● **PROBLEM DESCRIPTION**
Look below. Copy each line that has "Since" in it.

(Records from a data collection)
BEGIN
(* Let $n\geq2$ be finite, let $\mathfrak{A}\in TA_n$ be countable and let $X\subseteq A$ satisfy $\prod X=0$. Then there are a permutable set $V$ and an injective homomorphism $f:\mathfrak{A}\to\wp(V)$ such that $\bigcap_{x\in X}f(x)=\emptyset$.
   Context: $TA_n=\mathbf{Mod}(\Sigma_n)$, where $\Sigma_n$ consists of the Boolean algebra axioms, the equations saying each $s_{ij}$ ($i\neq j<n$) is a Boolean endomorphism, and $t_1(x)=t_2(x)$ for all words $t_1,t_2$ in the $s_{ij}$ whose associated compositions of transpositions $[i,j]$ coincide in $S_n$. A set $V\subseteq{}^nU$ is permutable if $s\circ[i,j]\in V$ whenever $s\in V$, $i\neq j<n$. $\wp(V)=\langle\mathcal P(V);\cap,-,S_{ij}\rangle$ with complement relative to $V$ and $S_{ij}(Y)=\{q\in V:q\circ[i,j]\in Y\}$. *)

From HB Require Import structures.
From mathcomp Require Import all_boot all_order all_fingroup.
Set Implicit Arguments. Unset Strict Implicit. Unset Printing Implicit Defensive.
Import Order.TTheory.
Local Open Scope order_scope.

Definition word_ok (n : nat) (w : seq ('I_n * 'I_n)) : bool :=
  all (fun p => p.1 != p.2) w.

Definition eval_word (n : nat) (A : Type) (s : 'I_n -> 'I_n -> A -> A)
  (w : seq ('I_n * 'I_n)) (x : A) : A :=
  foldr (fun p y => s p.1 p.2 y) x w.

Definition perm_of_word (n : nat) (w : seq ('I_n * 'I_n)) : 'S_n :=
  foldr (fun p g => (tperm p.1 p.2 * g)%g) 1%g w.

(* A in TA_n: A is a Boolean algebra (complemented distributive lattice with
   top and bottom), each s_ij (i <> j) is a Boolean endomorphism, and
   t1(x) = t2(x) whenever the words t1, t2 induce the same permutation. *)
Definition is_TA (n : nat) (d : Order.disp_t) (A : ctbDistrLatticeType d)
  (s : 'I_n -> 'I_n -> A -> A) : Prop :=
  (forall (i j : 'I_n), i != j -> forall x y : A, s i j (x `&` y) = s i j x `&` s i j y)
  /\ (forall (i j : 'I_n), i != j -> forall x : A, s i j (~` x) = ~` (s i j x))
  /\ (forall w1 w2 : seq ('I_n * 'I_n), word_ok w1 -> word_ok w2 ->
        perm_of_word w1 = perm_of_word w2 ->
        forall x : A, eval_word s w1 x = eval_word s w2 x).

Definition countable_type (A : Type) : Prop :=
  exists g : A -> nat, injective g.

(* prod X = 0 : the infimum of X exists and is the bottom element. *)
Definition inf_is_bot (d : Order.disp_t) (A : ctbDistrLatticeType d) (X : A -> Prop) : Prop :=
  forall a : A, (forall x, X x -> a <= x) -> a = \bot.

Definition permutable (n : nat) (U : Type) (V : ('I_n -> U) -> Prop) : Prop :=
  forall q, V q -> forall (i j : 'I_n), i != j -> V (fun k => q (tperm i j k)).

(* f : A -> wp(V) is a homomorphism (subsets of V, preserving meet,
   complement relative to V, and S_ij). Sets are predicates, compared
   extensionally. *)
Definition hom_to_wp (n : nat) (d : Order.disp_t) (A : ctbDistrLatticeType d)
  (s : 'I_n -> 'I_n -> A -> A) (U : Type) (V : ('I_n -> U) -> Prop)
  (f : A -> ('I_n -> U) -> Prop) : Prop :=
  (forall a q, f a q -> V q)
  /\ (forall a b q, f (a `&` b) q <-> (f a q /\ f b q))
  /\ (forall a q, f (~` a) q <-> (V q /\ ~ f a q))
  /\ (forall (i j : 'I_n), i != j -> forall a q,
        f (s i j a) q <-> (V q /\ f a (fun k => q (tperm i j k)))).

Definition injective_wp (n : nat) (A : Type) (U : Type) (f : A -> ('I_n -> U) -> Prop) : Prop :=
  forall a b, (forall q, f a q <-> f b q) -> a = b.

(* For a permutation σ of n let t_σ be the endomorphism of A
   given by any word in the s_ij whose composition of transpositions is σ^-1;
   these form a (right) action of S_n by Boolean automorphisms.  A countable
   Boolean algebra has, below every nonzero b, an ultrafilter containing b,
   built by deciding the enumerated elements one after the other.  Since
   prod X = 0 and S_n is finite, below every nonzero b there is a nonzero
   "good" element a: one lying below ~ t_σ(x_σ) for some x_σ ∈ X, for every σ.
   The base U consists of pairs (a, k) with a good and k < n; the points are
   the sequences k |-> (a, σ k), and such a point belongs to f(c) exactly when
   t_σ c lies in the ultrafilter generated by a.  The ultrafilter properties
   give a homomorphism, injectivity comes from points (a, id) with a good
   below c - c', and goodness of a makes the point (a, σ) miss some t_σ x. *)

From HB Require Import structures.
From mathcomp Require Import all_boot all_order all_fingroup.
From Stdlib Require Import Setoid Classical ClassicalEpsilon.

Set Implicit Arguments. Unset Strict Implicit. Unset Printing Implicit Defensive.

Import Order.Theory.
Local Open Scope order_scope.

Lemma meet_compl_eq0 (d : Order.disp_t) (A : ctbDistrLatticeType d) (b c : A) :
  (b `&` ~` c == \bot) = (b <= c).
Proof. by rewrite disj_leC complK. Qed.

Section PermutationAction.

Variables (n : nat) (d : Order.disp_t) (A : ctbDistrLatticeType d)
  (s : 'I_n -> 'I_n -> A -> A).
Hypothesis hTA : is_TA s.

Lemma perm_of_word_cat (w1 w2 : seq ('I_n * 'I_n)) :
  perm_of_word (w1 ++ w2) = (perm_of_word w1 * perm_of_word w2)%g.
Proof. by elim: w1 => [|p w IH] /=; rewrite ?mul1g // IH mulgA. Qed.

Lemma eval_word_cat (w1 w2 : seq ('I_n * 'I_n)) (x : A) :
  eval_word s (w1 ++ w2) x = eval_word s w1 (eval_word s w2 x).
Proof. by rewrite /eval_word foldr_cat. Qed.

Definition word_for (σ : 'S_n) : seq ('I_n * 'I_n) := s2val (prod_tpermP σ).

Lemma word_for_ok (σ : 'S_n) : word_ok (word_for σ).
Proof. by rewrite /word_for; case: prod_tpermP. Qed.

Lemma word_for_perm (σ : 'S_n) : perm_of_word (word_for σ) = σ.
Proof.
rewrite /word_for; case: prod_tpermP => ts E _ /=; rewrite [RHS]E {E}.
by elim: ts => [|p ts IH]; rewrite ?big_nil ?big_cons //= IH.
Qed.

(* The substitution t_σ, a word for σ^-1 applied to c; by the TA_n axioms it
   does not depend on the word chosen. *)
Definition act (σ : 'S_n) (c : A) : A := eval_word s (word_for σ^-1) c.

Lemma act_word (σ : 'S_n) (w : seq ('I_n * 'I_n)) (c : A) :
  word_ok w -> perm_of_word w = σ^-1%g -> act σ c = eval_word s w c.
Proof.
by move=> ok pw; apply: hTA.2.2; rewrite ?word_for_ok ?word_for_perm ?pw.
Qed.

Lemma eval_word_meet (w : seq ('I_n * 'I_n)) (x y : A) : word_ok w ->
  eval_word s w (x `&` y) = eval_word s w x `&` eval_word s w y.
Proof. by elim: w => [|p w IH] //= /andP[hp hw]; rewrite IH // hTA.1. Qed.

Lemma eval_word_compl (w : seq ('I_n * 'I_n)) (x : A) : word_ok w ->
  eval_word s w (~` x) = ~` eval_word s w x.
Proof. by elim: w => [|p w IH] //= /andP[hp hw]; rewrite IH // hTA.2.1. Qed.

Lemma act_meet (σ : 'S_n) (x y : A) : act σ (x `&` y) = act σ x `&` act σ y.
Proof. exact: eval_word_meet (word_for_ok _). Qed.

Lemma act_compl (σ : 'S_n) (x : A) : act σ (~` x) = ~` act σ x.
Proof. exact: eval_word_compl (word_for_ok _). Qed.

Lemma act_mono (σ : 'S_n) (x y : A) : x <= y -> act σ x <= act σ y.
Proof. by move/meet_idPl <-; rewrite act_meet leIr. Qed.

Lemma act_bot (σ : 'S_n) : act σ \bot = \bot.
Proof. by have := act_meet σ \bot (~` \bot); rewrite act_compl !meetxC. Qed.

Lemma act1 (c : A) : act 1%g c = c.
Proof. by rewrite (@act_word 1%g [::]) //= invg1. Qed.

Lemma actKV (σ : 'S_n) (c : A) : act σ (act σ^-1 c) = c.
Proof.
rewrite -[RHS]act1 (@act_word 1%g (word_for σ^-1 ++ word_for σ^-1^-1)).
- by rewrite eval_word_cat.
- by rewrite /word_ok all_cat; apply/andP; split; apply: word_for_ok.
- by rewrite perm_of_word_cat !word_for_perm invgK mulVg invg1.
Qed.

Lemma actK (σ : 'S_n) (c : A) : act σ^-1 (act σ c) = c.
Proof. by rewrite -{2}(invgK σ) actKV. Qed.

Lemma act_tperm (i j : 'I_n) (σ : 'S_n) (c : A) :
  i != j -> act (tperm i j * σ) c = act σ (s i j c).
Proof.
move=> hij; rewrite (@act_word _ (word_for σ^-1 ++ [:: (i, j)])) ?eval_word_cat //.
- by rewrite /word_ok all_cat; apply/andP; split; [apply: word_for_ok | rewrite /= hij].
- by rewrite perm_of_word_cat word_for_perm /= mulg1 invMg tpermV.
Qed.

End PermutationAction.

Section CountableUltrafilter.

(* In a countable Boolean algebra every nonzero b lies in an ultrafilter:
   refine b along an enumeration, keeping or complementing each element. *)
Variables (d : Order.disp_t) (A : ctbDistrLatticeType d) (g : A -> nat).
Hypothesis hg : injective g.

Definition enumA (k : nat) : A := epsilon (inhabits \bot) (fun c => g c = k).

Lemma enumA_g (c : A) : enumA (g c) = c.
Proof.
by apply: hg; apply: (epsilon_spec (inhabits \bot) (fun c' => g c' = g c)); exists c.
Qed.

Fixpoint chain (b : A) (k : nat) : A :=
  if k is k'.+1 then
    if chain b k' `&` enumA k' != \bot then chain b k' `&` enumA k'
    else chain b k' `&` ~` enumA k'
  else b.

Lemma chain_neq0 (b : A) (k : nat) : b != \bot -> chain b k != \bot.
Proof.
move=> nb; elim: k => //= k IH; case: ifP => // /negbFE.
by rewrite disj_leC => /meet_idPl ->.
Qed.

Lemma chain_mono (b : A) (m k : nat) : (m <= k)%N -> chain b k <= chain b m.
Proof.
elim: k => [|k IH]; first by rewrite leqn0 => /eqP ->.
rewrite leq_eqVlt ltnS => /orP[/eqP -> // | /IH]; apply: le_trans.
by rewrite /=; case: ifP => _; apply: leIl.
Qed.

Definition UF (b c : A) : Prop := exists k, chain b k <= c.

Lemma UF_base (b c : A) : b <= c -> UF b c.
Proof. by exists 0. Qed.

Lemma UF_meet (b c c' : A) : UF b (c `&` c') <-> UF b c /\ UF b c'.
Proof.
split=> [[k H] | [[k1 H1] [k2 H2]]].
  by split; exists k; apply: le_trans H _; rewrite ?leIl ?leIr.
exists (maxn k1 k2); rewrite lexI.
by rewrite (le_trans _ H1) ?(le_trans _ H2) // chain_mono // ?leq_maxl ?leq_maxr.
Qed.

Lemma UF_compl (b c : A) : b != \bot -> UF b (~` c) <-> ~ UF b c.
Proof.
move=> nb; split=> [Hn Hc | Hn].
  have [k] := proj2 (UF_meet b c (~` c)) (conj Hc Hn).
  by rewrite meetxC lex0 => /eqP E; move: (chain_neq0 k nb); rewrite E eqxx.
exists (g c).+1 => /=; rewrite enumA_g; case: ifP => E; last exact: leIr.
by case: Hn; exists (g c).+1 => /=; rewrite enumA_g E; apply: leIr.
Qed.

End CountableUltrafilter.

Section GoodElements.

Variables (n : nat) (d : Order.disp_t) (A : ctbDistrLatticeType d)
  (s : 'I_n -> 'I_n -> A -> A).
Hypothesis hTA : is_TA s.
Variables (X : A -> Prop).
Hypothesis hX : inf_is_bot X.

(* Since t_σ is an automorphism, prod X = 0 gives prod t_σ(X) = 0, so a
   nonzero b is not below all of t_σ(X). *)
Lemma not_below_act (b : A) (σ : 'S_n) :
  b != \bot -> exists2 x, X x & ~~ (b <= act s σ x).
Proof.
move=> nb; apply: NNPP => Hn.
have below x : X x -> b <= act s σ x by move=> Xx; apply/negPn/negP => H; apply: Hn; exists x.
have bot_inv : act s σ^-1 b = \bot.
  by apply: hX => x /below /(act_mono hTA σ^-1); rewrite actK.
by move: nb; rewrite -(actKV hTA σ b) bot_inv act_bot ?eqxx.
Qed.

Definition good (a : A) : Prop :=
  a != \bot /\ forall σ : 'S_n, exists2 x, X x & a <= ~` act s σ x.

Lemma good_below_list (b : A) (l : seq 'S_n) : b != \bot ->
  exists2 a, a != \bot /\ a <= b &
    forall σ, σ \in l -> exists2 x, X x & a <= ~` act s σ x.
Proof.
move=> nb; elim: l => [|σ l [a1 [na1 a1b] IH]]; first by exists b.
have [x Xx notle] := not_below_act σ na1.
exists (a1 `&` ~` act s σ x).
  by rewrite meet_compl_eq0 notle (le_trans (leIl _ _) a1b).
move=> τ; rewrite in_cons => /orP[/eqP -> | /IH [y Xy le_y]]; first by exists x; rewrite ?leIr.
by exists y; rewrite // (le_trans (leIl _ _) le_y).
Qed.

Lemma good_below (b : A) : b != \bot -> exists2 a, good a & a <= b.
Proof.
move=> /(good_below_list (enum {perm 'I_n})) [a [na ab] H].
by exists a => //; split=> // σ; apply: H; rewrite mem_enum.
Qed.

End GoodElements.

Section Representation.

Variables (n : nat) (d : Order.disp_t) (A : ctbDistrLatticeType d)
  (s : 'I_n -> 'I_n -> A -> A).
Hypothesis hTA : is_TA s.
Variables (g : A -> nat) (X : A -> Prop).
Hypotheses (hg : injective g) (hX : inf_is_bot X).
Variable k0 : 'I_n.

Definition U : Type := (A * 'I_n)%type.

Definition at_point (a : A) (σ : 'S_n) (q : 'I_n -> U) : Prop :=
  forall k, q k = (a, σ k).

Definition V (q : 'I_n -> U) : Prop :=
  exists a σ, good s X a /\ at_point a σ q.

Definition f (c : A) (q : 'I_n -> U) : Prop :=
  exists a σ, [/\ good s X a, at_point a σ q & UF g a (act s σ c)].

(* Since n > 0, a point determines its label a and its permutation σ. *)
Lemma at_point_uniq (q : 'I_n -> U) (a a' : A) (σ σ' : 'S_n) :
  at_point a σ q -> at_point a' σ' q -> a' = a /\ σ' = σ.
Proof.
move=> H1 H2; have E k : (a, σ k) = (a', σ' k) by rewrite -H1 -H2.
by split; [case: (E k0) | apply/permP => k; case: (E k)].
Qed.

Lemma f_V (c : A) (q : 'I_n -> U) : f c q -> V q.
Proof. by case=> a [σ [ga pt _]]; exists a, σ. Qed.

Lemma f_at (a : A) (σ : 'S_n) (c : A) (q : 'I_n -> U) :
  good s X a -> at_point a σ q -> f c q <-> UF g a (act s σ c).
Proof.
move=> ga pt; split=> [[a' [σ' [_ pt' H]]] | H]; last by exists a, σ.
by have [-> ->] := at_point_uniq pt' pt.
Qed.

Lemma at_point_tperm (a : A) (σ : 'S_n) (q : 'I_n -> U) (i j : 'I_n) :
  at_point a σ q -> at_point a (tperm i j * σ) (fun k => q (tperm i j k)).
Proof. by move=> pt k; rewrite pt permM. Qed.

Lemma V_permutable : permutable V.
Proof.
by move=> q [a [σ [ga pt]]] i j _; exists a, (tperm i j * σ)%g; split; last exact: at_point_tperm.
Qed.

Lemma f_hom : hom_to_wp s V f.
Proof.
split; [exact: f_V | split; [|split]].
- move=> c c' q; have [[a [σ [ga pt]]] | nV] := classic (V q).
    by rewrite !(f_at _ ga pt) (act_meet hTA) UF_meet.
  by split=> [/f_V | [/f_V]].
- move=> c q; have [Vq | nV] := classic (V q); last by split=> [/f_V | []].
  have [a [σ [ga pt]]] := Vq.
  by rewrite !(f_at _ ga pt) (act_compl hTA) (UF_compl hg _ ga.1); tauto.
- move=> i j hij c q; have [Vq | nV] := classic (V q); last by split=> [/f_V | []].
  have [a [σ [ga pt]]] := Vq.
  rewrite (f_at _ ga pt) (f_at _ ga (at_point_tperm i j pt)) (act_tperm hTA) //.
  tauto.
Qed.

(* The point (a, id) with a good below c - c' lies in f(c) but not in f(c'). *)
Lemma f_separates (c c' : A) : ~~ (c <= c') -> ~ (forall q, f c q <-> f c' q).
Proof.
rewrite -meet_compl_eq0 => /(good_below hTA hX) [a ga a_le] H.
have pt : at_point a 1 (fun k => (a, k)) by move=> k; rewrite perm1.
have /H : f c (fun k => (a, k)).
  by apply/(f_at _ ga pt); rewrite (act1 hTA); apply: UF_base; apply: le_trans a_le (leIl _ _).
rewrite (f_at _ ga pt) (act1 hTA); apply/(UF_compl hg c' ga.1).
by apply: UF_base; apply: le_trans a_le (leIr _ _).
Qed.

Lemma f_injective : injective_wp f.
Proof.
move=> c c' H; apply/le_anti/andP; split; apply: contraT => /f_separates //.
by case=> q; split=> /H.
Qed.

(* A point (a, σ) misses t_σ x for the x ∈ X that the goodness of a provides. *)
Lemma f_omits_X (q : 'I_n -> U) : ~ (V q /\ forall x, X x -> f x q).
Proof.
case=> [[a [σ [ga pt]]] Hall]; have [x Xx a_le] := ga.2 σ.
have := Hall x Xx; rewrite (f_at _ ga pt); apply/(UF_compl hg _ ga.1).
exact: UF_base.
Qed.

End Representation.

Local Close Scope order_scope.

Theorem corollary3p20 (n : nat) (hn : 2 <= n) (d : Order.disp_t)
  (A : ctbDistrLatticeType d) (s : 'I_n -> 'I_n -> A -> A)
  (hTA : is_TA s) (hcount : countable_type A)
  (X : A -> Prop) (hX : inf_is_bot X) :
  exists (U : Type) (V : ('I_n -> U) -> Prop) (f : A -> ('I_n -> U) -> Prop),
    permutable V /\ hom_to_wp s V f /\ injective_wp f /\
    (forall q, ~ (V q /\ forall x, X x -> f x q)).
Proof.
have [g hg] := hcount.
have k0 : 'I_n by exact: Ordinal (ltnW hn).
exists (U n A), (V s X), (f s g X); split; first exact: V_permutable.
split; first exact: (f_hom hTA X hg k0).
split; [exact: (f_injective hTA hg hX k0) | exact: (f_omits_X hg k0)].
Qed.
END
● **TASK SOLUTION**
   built by deciding the enumerated elements one after the other.  Since
(* Since t_σ is an automorphism, prod X = 0 gives prod t_σ(X) = 0, so a
(* Since n > 0, a point determines its label a and its permutation σ. *)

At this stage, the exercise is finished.